Più precisamente, la costruzione sociale del genere è pragmaticamente influenzata da fattori extralinguistici di realtà sociali, ambientali, psicologiche e culturali autonome.
Vale a dire, i nostri schemi di catalogazione e discriminazione dei generi sono socialmente costruiti perché i loro usi sono, almeno in parte, determinati da fattori sociali e culturali storicamente contingenti.
Il significato delle espressioni di genere non è pertanto fissato definitivamente, piuttosto viene plasmato dal nostro uso comune.
Questi schemi di classificazione dunque non sono intesi come infallibili.
Data la plasmabilità delle convenzioni su cui questa si basa, la distinzione di generi non è un fatto compiuto.
Una comunità infatti può accettare alcune convenzioni come valide, in seguito può, sotto la pressione critica, cambiarle e conseguentemente correggere certi usi e i loro relativi criteri di correttezza o scorrettezza.

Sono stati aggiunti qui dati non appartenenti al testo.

(* Let $G\in\mathcal{D}_n$ and let $\varphi_1,\varphi_2$ be two $\mathbb{T}$-gains on $G$. Then $\sigma(A(\Phi_1))=\sigma(A(\Phi_2))$ if and only if $\Re(\varphi_1(C))=\Re(\varphi_2(C))$ for all cycles $C$ of $G$, where $\Phi_j=(G,\varphi_j)$.
   Context: Graphs are finite, simple and undirected. $\mathcal{D}_n$ is the collection of all connected graphs $G$ on $n$ vertices such that for each $k$ with $3\le k\le n$, $G$ has at most one cycle of length $k$. $\mathbb{T}=\{z\in\mathbb{C}:|z|=1\}$. A $\mathbb{T}$-gain on $G$ is a map $\varphi$ from oriented edges to $\mathbb{T}$ with $\varphi(\overrightarrow{e_{ts}})=\varphi(\overrightarrow{e_{st}})^{-1}$; $A(\Phi)$ for $\Phi=(G,\varphi)$ is the Hermitian matrix with $(s,t)$ entry $\varphi(\overrightarrow{e_{st}})$ if $v_s\sim v_t$, else $0$; $\sigma(\cdot)$ denotes the spectrum. The gain $\varphi(\overrightarrow{C})$ of a directed cycle is the product of the gains of its oriented edges; the two directions of a cycle $C$ give conjugate gains, and $\Re(\varphi(C))$ denotes their common real part. *)

From HB Require Import structures.
From mathcomp Require Import all_boot all_order all_algebra.
Set Implicit Arguments. Unset Strict Implicit. Unset Printing Implicit Defensive.
Import Order.TTheory GRing.Theory Num.Theory.
Local Open Scope ring_scope.

Definition simple_graph n (e : rel 'I_n) : Prop :=
  irreflexive e /\ symmetric e.

Definition connected_graph n (e : rel 'I_n) : Prop :=
  forall x y : 'I_n, connect e x y.

Definition is_cycle n (e : rel 'I_n) (s : seq 'I_n) : bool :=
  [&& (3 <= size s)%N, uniq s & cycle e s].

(* The edge set of the cycle listed by s (an edge is a 2-subset of vertices);
   two listings describe the same cycle (subgraph) iff they have the same
   edge set. *)
Definition cycle_edges n (s : seq 'I_n) : {set {set 'I_n}} :=
  [set [set x; next s x] | x in s].

(* D_n : connected simple graphs on n vertices with at most one cycle of each
   length k (3 <= k <= n). *)
Definition in_Dn n (e : rel 'I_n) : Prop :=
  [/\ simple_graph e, connected_graph e &
      forall s1 s2 : seq 'I_n, is_cycle e s1 -> is_cycle e s2 ->
        size s1 = size s2 -> cycle_edges s1 = cycle_edges s2].

(* A T-gain on G: phi i j is the gain of the oriented edge from v_i to v_j;
   unit modulus, and phi j i = (phi i j)^-1 on edges.  Values on non-edges
   are irrelevant. *)
Definition T_gain (C : numClosedFieldType) n (e : rel 'I_n)
    (phi : 'I_n -> 'I_n -> C) : Prop :=
  forall i j, e i j -> `|phi i j| = 1 /\ phi j i = (phi i j)^-1.

Definition gain_adj (C : numClosedFieldType) n (e : rel 'I_n)
    (phi : 'I_n -> 'I_n -> C) : 'M[C]_n :=
  \matrix_(i, j) (if e i j then phi i j else 0).

Definition cycle_gain (C : numClosedFieldType) n
    (phi : 'I_n -> 'I_n -> C) (s : seq 'I_n) : C :=
  \prod_(x <- s) phi x (next s x).

(* Equality of spectra (as multisets of eigenvalues): every scalar has the
   same algebraic multiplicity as an eigenvalue of A and of B. *)
Definition same_spectrum (C : numClosedFieldType) n (A B : 'M[C]_n) : Prop :=
  forall x : C, mup x (char_poly A) = mup x (char_poly B).

(* Leibniz's formula writes char_poly A(Phi) as a sum over permutations s.
   Since A(Phi) has zero diagonal, the term of s is, up to sign, 'X to the
   number of fixed points of s times the product of the gains along the
   non-trivial orbits of s.  Such an orbit contributes 0 if it steps along a
   non-edge, 1 if it has length 2, and otherwise the gain of a cycle of G
   traversed in one of its two directions.

   Two distinct unimodular numbers with the same real part are inverse to each
   other.  Hence, if Re phi1(C) = Re phi2(C) for every cycle C shorter than k,
   reversing in each permutation the orbits on which the two gains differ is
   an involution that carries the phi1-term of s to the phi2-term of s,
   whenever all orbits of s are shorter than k.  With k > n this gives the
   "if" direction.

   Conversely, argue by induction on the length k of a cycle C.  Equal
   characteristic polynomials then also agree on the sum over the
   permutations with an orbit of length >= k.  In its coefficient of
   'X^(n - k) only the permutations moving exactly k points along edges
   survive, and as G has a single cycle of length k these are the two
   orientations of C, contributing +-(phi(C) + phi(C)^-1) = +-2 Re phi(C). *)

From HB Require Import structures.
From mathcomp Require Import all_boot all_order all_algebra.
From mathcomp Require Import fingroup perm ring.
Import Order.TTheory GRing.Theory Num.Theory.
Set Implicit Arguments. Unset Strict Implicit. Unset Printing Implicit Defensive.
Local Open Scope ring_scope.

Section PermOrbits.
Variable T : finType.
Implicit Types (s p : {perm T}) (x y : T) (S : {set T}).

Lemma porbit_perm1 s x : porbit s (s x) = porbit s x.
Proof. by have := porbit_perm s 1 x; rewrite expg1. Qed.

Lemma mem_porbit_perm s x y : (s y \in porbit s x) = (y \in porbit s x).
Proof. by rewrite -!eq_porbit_mem porbit_perm1. Qed.

Lemma mem_porbit_permV s x y : ((s^-1)%g y \in porbit s x) = (y \in porbit s x).
Proof. by rewrite -{2}(permKV s y) mem_porbit_perm. Qed.

Lemma porbit_subset s x S :
  x \in S -> {homo s : y / y \in S} -> porbit s x \subset S.
Proof.
move=> xS sS; apply/subsetP => _ /porbitP [i ->].
by elim: i => [|i IHi]; rewrite ?expg0 ?perm1 // expgSr permM sS.
Qed.

Lemma eq_porbit_in s p x : {in porbit p x, s =1 p} -> porbit s x = porbit p x.
Proof.
move=> eq_sp; have iter_sp i : (s ^+ i)%g x = (p ^+ i)%g x.
  by elim: i => [|i IHi]; rewrite ?expg0 // !expgSr !permM IHi eq_sp ?mem_porbit.
by apply/setP => y; apply/porbitP/porbitP => -[i ->]; exists i.
Qed.

Lemma card_porbit1 s x : (#|porbit s x| == 1%N) = (s x == x).
Proof.
apply/cards1P/eqP => [[z Ez] | sx].
  have := porbit_id s x; rewrite -(mem_porbit_perm s) Ez.
  by have := porbit_id s x; rewrite Ez => /set1P -> /set1P.
exists x; apply/eqP; rewrite eqEsubset sub1set porbit_id andbT.
by apply: porbit_subset; rewrite ?inE // => y /set1P ->; rewrite sx inE.
Qed.

Lemma porbit_moved s x y :
  #|porbit s x| != 1%N -> y \in porbit s x -> s y != y.
Proof. by rewrite -eq_porbit_mem -card_porbit1 => + /eqP ->. Qed.

Lemma card_porbit_invol s x : s (s x) = x -> (#|porbit s x| <= 2)%N.
Proof.
move=> ssx; apply: leq_trans (_ : #|[set x; s x]| <= 2)%N; last first.
  by rewrite cards2; case: (x != s x).
rewrite subset_leq_card // porbit_subset ?set21 //.
by move=> y /set2P [] ->; rewrite ?ssx !inE eqxx ?orbT.
Qed.

Definition moved s := [set x | s x != x].

Lemma mem_moved_perm s x : (s x \in moved s) = (x \in moved s).
Proof. by rewrite !inE (inj_eq perm_inj). Qed.

Lemma movedV s : moved s^-1 = moved s.
Proof. by apply/setP => x; rewrite !inE (canF_eq (permK s)) eq_sym. Qed.

Lemma moved_porbit s x : (x \in moved s) = (#|porbit s x| != 1%N).
Proof. by rewrite inE card_porbit1. Qed.

Definition small_porbits k s := [forall x, #|porbit s x| < k]%N.

Lemma big_moved_porbits (R : Type) (idx : R) (op : Monoid.com_law idx) s
    (F : T -> R) :
  \big[op/idx]_(i in moved s) F i =
  \big[op/idx]_(O in porbit s @: moved s) \big[op/idx]_(i in O) F i.
Proof.
rewrite (partition_big_imset (porbit s)); apply: eq_bigr => _ /imsetP [x + ->].
rewrite moved_porbit => nfix_x; apply: eq_bigl => y; rewrite eq_porbit_mem.
by apply: andb_idl => /(porbit_moved nfix_x); rewrite inE.
Qed.

Section ReversePorbits.
Variables (s : {perm T}) (r : pred {set T}).

Definition reverse_porbits_fun x := if r (porbit s x) then (s^-1)%g x else s x.

Lemma porbit_reverse_porbits_fun x : porbit s (reverse_porbits_fun x) = porbit s x.
Proof.
by apply/eqP; rewrite eq_porbit_mem /reverse_porbits_fun;
  case: ifP; rewrite ?mem_porbit_permV ?mem_porbit_perm porbit_id.
Qed.

Lemma reverse_porbits_inj : injective reverse_porbits_fun.
Proof.
move=> x y eq_xy; have := porbit_reverse_porbits_fun x.
rewrite eq_xy porbit_reverse_porbits_fun => eq_Oxy.
by move: eq_xy; rewrite /reverse_porbits_fun eq_Oxy; case: ifP => _; apply: perm_inj.
Qed.

Definition reverse_porbits := perm reverse_porbits_inj.

Lemma reverse_porbitsE x :
  reverse_porbits x = if r (porbit s x) then (s^-1)%g x else s x.
Proof. by rewrite permE. Qed.

Lemma reverse_porbits_on x y : y \in porbit s x ->
  reverse_porbits y = if r (porbit s x) then (s^-1)%g y else s y.
Proof. by rewrite -eq_porbit_mem reverse_porbitsE => /eqP ->. Qed.

Lemma porbit_reverse_porbits x : porbit reverse_porbits x = porbit s x.
Proof.
case rO: (r (porbit s x)).
  rewrite -(porbitV s); apply: eq_porbit_in => y.
  by rewrite porbitV => /reverse_porbits_on ->; rewrite rO.
by apply: eq_porbit_in => y /reverse_porbits_on ->; rewrite rO.
Qed.

Lemma odd_reverse_porbits : odd_perm reverse_porbits = odd_perm s.
Proof.
by rewrite /odd_perm /porbits (eq_imset _ porbit_reverse_porbits).
Qed.

Lemma moved_reverse_porbits : moved reverse_porbits = moved s.
Proof. by apply/setP => x; rewrite !moved_porbit porbit_reverse_porbits. Qed.

End ReversePorbits.

Lemma reverse_porbitsK s r r' :
  (forall x, r' (porbit s x) = r (porbit s x)) ->
  reverse_porbits (reverse_porbits s r) r' = s.
Proof.
move=> eq_r; apply/permP => x.
rewrite reverse_porbitsE porbit_reverse_porbits eq_r.
case rO: (r (porbit s x)); last by rewrite reverse_porbitsE rO.
by apply: (@perm_inj _ (reverse_porbits s r)); rewrite permKV reverse_porbitsE
  porbit_perm1 rO permK.
Qed.

Lemma porbit_orient s p x :
    {in porbit p x, forall y, s y = p y \/ s y = (p^-1)%g y} ->
    {in porbit p x, forall y, s (s y) != y} ->
    {in [predC porbit p x], s =1 p} ->
  s x = p x -> s = p.
Proof.
move=> sp ss_neq s_out sx; apply/permP => y.
case: (boolP (y \in porbit p x)) => [/porbitP [i ->] | ]; last exact: s_out.
elim: i => [|i IHi]; first by rewrite perm1.
have y_in : (p ^+ i)%g x \in porbit p x by rewrite mem_porbit.
rewrite expgSr permM; case: (sp (p ((p ^+ i)%g x))); rewrite ?mem_porbit_perm //.
rewrite permK => s_back.
by have := ss_neq _ y_in; rewrite IHi s_back eqxx.
Qed.

Definition orbit_seq s x := traject s x #|porbit s x|.

Lemma uniq_orbit_seq s x : uniq (orbit_seq s x).
Proof. exact: uniq_traject_porbit. Qed.

Lemma mem_orbit_seq s x : orbit_seq s x =i porbit s x.
Proof. by move=> y; rewrite porbit_traject. Qed.

Lemma size_orbit_seq s x : size (orbit_seq s x) = #|porbit s x|.
Proof. exact: size_traject. Qed.

Lemma next_orbit_seq s x : {in porbit s x, next (orbit_seq s x) =1 s}.
Proof.
have cycle_s : fcycle s (orbit_seq s x).
  rewrite /orbit_seq; have := iter_porbit s x.
  case: #|_| (card_porbit_neq0 s x) => // m _ iter_x /=.
  by rewrite -[X in rcons _ X]iter_x iterSr -trajectSr fpath_traject.
by move=> y; rewrite -mem_orbit_seq; apply: nextE.
Qed.

Section CyclePerm.
Variables (t : seq T) (t_uniq : uniq t).

Definition cycle_perm := perm (can_inj (prev_next t_uniq)).

Lemma cycle_permE y : cycle_perm y = next t y.
Proof. by rewrite permE. Qed.

Lemma cycle_permV y : (cycle_perm^-1)%g y = prev t y.
Proof. by apply: (@perm_inj _ cycle_perm); rewrite permKV cycle_permE next_prev. Qed.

Riassumendo, secondo l’approccio qui analizzato, donne e uomini sono:
a) due gruppi distinti di individui definiti l’uno in riferimento all’altro;
b) causalmente costruiti;
c) discorsivamente costruiti.
Come risultato, il genere può essere definito solo in maniera relazionale.
Di qui, la validità delle differenze tra donna e uomo è concepibile solo all’interno di una cultura di riferimento ed è valida fin quando ci muoviamo all’interno di quel paradigma.
Non c’è un’identità sociale o un’essenza che tutte le donne o tutti gli uomini hanno in comune, esistono solo particolari individui con un determinato genere, ossia manifestazioni di proprietà particolari che possono esistere solo come localizzate a un tempo "t".